» Your assignment: Keyword search on "Heff": report each line of the records that contains it.

» Data excerpts:
(* If $\rho$ is an invariant state supported on $\Omega=\{|-\rangle,|+\rangle,\varphi_{0_1},\varphi_{0_N}\}^\perp$, then $\rho Z_k=e^{\beta_k}Z_k\rho$ for all $k=1,\dots,N-1$.
   Context: Fix integers $N\ge 2$ and $n_1\ge n_2\ge\dots\ge n_N\ge 1$. Let $\mathcal H$ be a finite-dimensional complex Hilbert space with orthonormal basis $\{|-\rangle,|+\rangle\}\cup\{|a_k\rangle:1\le k\le N,\ 0\le a\le n_k-1\}$. For vectors $x,y$, $|x\rangle\langle y|$ denotes the operator $u\mapsto\langle y,u\rangle x$. Put $E_k=\mathrm{span}\{|a_k\rangle:0\le a\le n_k-1\}$, $P_k$ the orthogonal projection onto $E_k$, $P_\pm=|\pm\rangle\langle\pm|$, $\zeta_k=e^{2\pi i/n_k}$, and $\varphi_{a_k}=n_k^{-1/2}\sum_{b=0}^{n_k-1}\zeta_k^{-ba}|b_k\rangle$ for $0\le a\le n_k-1$. For $1\le k\le N-1$ let $Z_k=n_k^{-1/2}\sum_{b=0}^{n_{k+1}-1}\sum_{a=0}^{n_k-1}\zeta_k^{ba}|b_{k+1}\rangle\langle a_k|$ (an operator on $\mathcal H$), $|Z|_k=Z_k^*Z_k$. Let $\omega$ range over the set $\{\omega_+,\omega_-,\omega_1,\dots,\omega_{N-1}\}$ of (distinct) Bohr frequencies, and let $\Gamma_{\pm,\omega}>0$, $\gamma_{\pm,\omega}\in\mathbb R$ be constants. Kraus operators: $L_{-,\omega_+}=\sqrt{n_1\Gamma_{-,\omega_+}}|\varphi_{0_1}\rangle\langle +|$, $L_{+,\omega_+}=\sqrt{n_1\Gamma_{+,\omega_+}}|+\rangle\langle\varphi_{0_1}|$, $L_{-,\omega_k}=\sqrt{\Gamma_{-,\omega_k}}Z_k$, $L_{+,\omega_k}=\sqrt{\Gamma_{+,\omega_k}}Z_k^*$ ($1\le k\le N-1$), $L_{-,\omega_-}=\sqrt{\Gamma_{-,\omega_-}}|-\rangle\langle\varphi_{0_N}|$, $L_{+,\omega_-}=0$. Effective Hamiltonian $H_{\mathrm{eff}}=n_1\gamma_{-,\omega_+}P_+-n_1\gamma_{+,\omega_+}|\varphi_{0_1}\rangle\langle\varphi_{0_1}|+\gamma_{-,\omega_-}|\varphi_{0_N}\rangle\langle\varphi_{0_N}|-\gamma_{+,\omega_-}P_-+\sum_{k=1}^{N-1}(\gamma_{-,\omega_k}|Z|_k-\gamma_{+,\omega_k}P_{k+1})$. The generator is $\mathcal L(\rho)=-i[H_{\mathrm{eff}},\rho]+\sum_{\omega}\sum_{\epsilon=\pm}\big(L_{\epsilon,\omega}\rho L_{\epsilon,\omega}^*-\tfrac12\{L_{\epsilon,\omega}^*L_{\epsilon,\omega},\rho\}\big)$. A state is a positive operator of trace one; it is invariant if $\mathcal L(\rho)=0$; an operator is supported on a subspace $E$ if its range is contained in $E$. Define $\beta_k$ by $e^{\beta_k}=\Gamma_{-,\omega_k}/\Gamma_{+,\omega_k}$ for $1\le k\le N-1$. *)

(* Operators on the finite-dimensional Hilbert space
   are represented as matrices  idx -> idx -> R[i]  indexed by the orthonormal
   basis  {|->, |+>} U {|a_k>}. *)
From HB Require Import structures.
From mathcomp Require Import all_boot all_order all_algebra.
From mathcomp Require Import complex.
From mathcomp Require Import reals sequences exp trigo.
Unset Printing Implicit Defensive.
Import Order.TTheory GRing.Theory Num.Theory.
Local Open Scope ring_scope.
Local Open Scope complex_scope.

Section Model.
Context {R : realType}.
Local Notation C := R[i].

(* Number of sites N and site dimensions n_1, ..., n_N.  [n] is indexed by the
   paper's (1-based) site index k; values outside 1..N are irrelevant. *)
Context {N : nat} {n : nat -> nat}.

(* Basis labels: inl false = |->, inl true = |+>,
   inr (existT k a) = |a_{k+1}>  with k : 'I_N (so paper site = val k + 1)
   and a : 'I_(n_{k+1}). *)
Definition idx : finType := (bool + {k : 'I_N & 'I_(n k.+1)})%type.

Definition vec := idx -> C.
Definition op := idx -> idx -> C.

Definition inner (x y : vec) : C := \sum_(i : idx) (x i)^* * y i.
Definition ketbra (x y : vec) : op := fun i j => x i * (y j)^*.
Definition apply (A : op) (v : vec) : vec := fun i => \sum_(j : idx) A i j * v j.
Definition mulo (A B : op) : op := fun i j => \sum_(l : idx) A i l * B l j.
Definition adj (A : op) : op := fun i j => (A j i)^*.
Definition addo (A B : op) : op := fun i j => A i j + B i j.
Definition subo (A B : op) : op := fun i j => A i j - B i j.
Definition scaleo (c : C) (A : op) : op := fun i j => c * A i j.
Definition zeroo : op := fun _ _ => 0.
Definition trace (A : op) : C := \sum_(i : idx) A i i.

Definition ket_minus : vec := fun j => (j == inl false)%:R.
Definition ket_plus : vec := fun j => (j == inl true)%:R.
(* |b_k> (paper 1-based site index k) *)
Definition ket_site (k b : nat) : vec := fun j =>
  match j with
  | inl _ => 0
  | inr (existT k' b') => (((val k').+1 == k) && (val b' == b))%:R
  end.

Definition zeta (m : nat) : C :=
  (cos (2 * pi / m%:R))%:C + 'i * (sin (2 * pi / m%:R))%:C.

Definition sqrtC (x : R) : C := (Num.sqrt x)%:C.

Definition phi (k a : nat) : vec := fun j =>
  (sqrtC (n k)%:R)^-1 * \sum_(b < n k) zeta (n k) ^- (b * a) * ket_site k b j.

Definition Zop (k : nat) : op := fun i j =>
  (sqrtC (n k)%:R)^-1 *
  \sum_(b < n k.+1) \sum_(a < n k)
     zeta (n k) ^+ (b * a) * ketbra (ket_site k.+1 b) (ket_site k a) i j.

Definition absZ (k : nat) : op := mulo (adj (Zop k)) (Zop k).

Definition Pk (k : nat) : op := fun i j =>
  \sum_(a < n k) ketbra (ket_site k a) (ket_site k a) i j.
Definition Pplus : op := ketbra ket_plus ket_plus.
Definition Pminus : op := ketbra ket_minus ket_minus.

(* The constants Gamma_{eps,omega} and gamma_{eps,omega}.  The rates for
   omega_k (1 <= k <= N-1) are given as functions of k. *)
Record constants := Constants {
  Gm_plus : R;
  Gp_plus : R;
  Gm_minus : R;
  Gp_minus : R;
  Gm : nat -> R;
  Gp : nat -> R;
  gm_plus : R;
  gp_plus : R;
  gm_minus : R;
  gp_minus : R;
  gm : nat -> R;
  gp : nat -> R
}.

Definition constants_ok (c : constants) : Prop :=
  [/\ 0 < Gm_plus c, 0 < Gp_plus c, 0 < Gm_minus c, 0 < Gp_minus c
    & forall k, (1 <= k <= N - 1)%N -> 0 < Gm c k /\ 0 < Gp c k].

Variable c : constants.

Definition L_m_plus : op :=
  scaleo (sqrtC ((n 1)%:R * Gm_plus c)) (ketbra (phi 1 0) ket_plus).
Definition L_p_plus : op :=
  scaleo (sqrtC ((n 1)%:R * Gp_plus c)) (ketbra ket_plus (phi 1 0)).
Definition L_m (k : nat) : op := scaleo (sqrtC (Gm c k)) (Zop k).
Definition L_p (k : nat) : op := scaleo (sqrtC (Gp c k)) (adj (Zop k)).
Definition L_m_minus : op :=
  scaleo (sqrtC (Gm_minus c)) (ketbra ket_minus (phi N 0)).
Definition L_p_minus : op := zeroo.

Definition Heff : op := fun i j =>
  ((n 1)%:R * gm_plus c)%:C * Pplus i j
  - ((n 1)%:R * gp_plus c)%:C * ketbra (phi 1 0) (phi 1 0) i j
  + (gm_minus c)%:C * ketbra (phi N 0) (phi N 0) i j
  - (gp_minus c)%:C * Pminus i j
  + \sum_(1 <= k < N) ((gm c k)%:C * absZ k i j - (gp c k)%:C * Pk k.+1 i j).

Definition diss (L rho : op) : op := fun i j =>
  mulo (mulo L rho) (adj L) i j
  - 2^-1 * (mulo (mulo (adj L) L) rho i j + mulo rho (mulo (adj L) L) i j).

Definition commo (A B : op) : op := fun i j => mulo A B i j - mulo B A i j.

Definition gen (rho : op) : op := fun i j =>
  - 'i * commo Heff rho i j
  + (diss L_m_plus rho i j + diss L_p_plus rho i j)
  + \sum_(1 <= k < N) (diss (L_m k) rho i j + diss (L_p k) rho i j)
  + (diss L_m_minus rho i j + diss L_p_minus rho i j).

Definition is_invariant (rho : op) : Prop := gen rho = zeroo.

End Model.

Arguments constants R : clear implicits.
Arguments idx : clear implicits.
Arguments vec R N n : clear implicits.
Arguments op R N n : clear implicits.
Arguments Constants {R}.
Arguments constants_ok {R} N c.

Definition positive_op {R : realType} {N n} (A : op R N n) : Prop :=
  forall v : vec R N n, 0 <= inner v (apply A v).
Definition is_state {R : realType} {N n} (rho : op R N n) : Prop :=
  positive_op rho /\ trace rho = 1.

Definition perp {R : realType} {N n} (S : vec R N n -> Prop) (v : vec R N n) : Prop :=
  forall w, S w -> inner w v = 0.
Definition supported_on {R : realType} {N n} (A : op R N n) (E : vec R N n -> Prop) :=
  forall u, E (apply A u).

Definition Omega {R : realType} {N n} (w : vec R N n) : Prop :=
  w = ket_minus \/ w = ket_plus \/ w = phi 1 0 \/ w = phi N 0.

Definition beta {R : realType} (c : constants R) (k : nat) : R :=
  ln (Gm c k / Gp c k).

(* A positive rho is Hermitian, and as its range is orthogonal to Omega the
   four boundary Kraus operators annihilate it; what is left of L(rho) is
   -i[H_eff, rho] plus the dissipators of the Z_k and Z_k^*.  Grouping the basis
   by sites, H_eff is block diagonal and Z_k maps site k to site k+1, so for A, B
   diagonal by site the functional X |-> tr((A rho B + B rho A) X) kills the
   Hamiltonian part.  Pairing L(rho) = 0 with A = 1 - P_t, B = P_t (P_t the
   projection on site t) turns it into a vanishing sum of nonpositive terms,
   whence Z_k rho = Z_k rho P_k and Z_k^* rho = Z_k^* rho P_(k+1).  Pairing it
   then with A = W, B = 1, where W is diagonal with detailed-balance weights
   w_(k+1) Gamma_(-,k) = w_k Gamma_(+,k), gives
   0 = -2 sum_k Gamma_(+,k) w_(k+1) ||rho Z_k - e^beta_k Z_k rho||^2
   in the Hilbert-Schmidt norm. *)

From Pilot Require Import Defs.
From HB Require Import structures.
From mathcomp Require Import all_boot all_order all_algebra.
From mathcomp Require Import complex ring zify.
From mathcomp Require Import boolp reals sequences exp trigo.
Import Order.TTheory GRing.Theory Num.Theory.
Local Open Scope ring_scope.
Local Open Scope complex_scope.

Lemma ltr0c (R : rcfType) (x : R) : (0 < x%:C) = (0 < x).
Proof. by rewrite ltcE /= eqxx. Qed.

Lemma nsumr_nat_eq0 (K : numDomainType) (F : nat -> K) (m p : nat) :
  (forall k, (m <= k < p)%N -> F k <= 0) -> \sum_(m <= k < p) F k = 0 ->
  forall k, (m <= k < p)%N -> F k = 0.
Proof.
move=> F_le0 /eqP; rewrite -oppr_eq0 -sumrN big_nat_cond psumr_eq0 => [/allP NF0 k k_in|k].
  by apply/eqP; rewrite -oppr_eq0; have := NF0 k; rewrite mem_index_iota k_in => /(_ isT).
by move=> /andP [/F_le0]; rewrite oppr_ge0.
Qed.

Section Operators.
Context {R : realType} {N : nat} {n : nat -> nat}.
Local Notation C := R[i].
Local Notation I := (idx N n).
Local Notation O := (op R N n).
Local Notation "A ** B" := (mulo A B) (at level 40, left associativity).

Lemma op_ext (A B : O) : (forall i j, A i j = B i j) -> A = B.
Proof. by move=> eqAB; apply: funext => i; apply: funext => j; apply: eqAB. Qed.

Lemma sum_delta_l (a : I) (F : I -> C) : \sum_(l : I) (l == a)%:R * F l = F a.
Proof.
rewrite (bigD1 a) //= eqxx mul1r big1 ?addr0 // => l /negbTE ->.
by rewrite mul0r.
Qed.

Lemma sum_delta_r (a : I) (F : I -> C) : \sum_(l : I) F l * (l == a)%:R = F a.
Proof. by rewrite -[RHS]sum_delta_l; apply: eq_bigr => l _; rewrite mulrC. Qed.

Lemma muloA (A B D : O) : A ** B ** D = A ** (B ** D).
Proof.
apply: op_ext => i j; rewrite /mulo.
under eq_bigr do rewrite mulr_suml.
rewrite exchange_big /=; apply: eq_bigr => l _.
by rewrite mulr_sumr; apply: eq_bigr => m _; rewrite mulrA.
Qed.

» Result:
Definition Heff : op := fun i j =>
  - 'i * commo Heff rho i j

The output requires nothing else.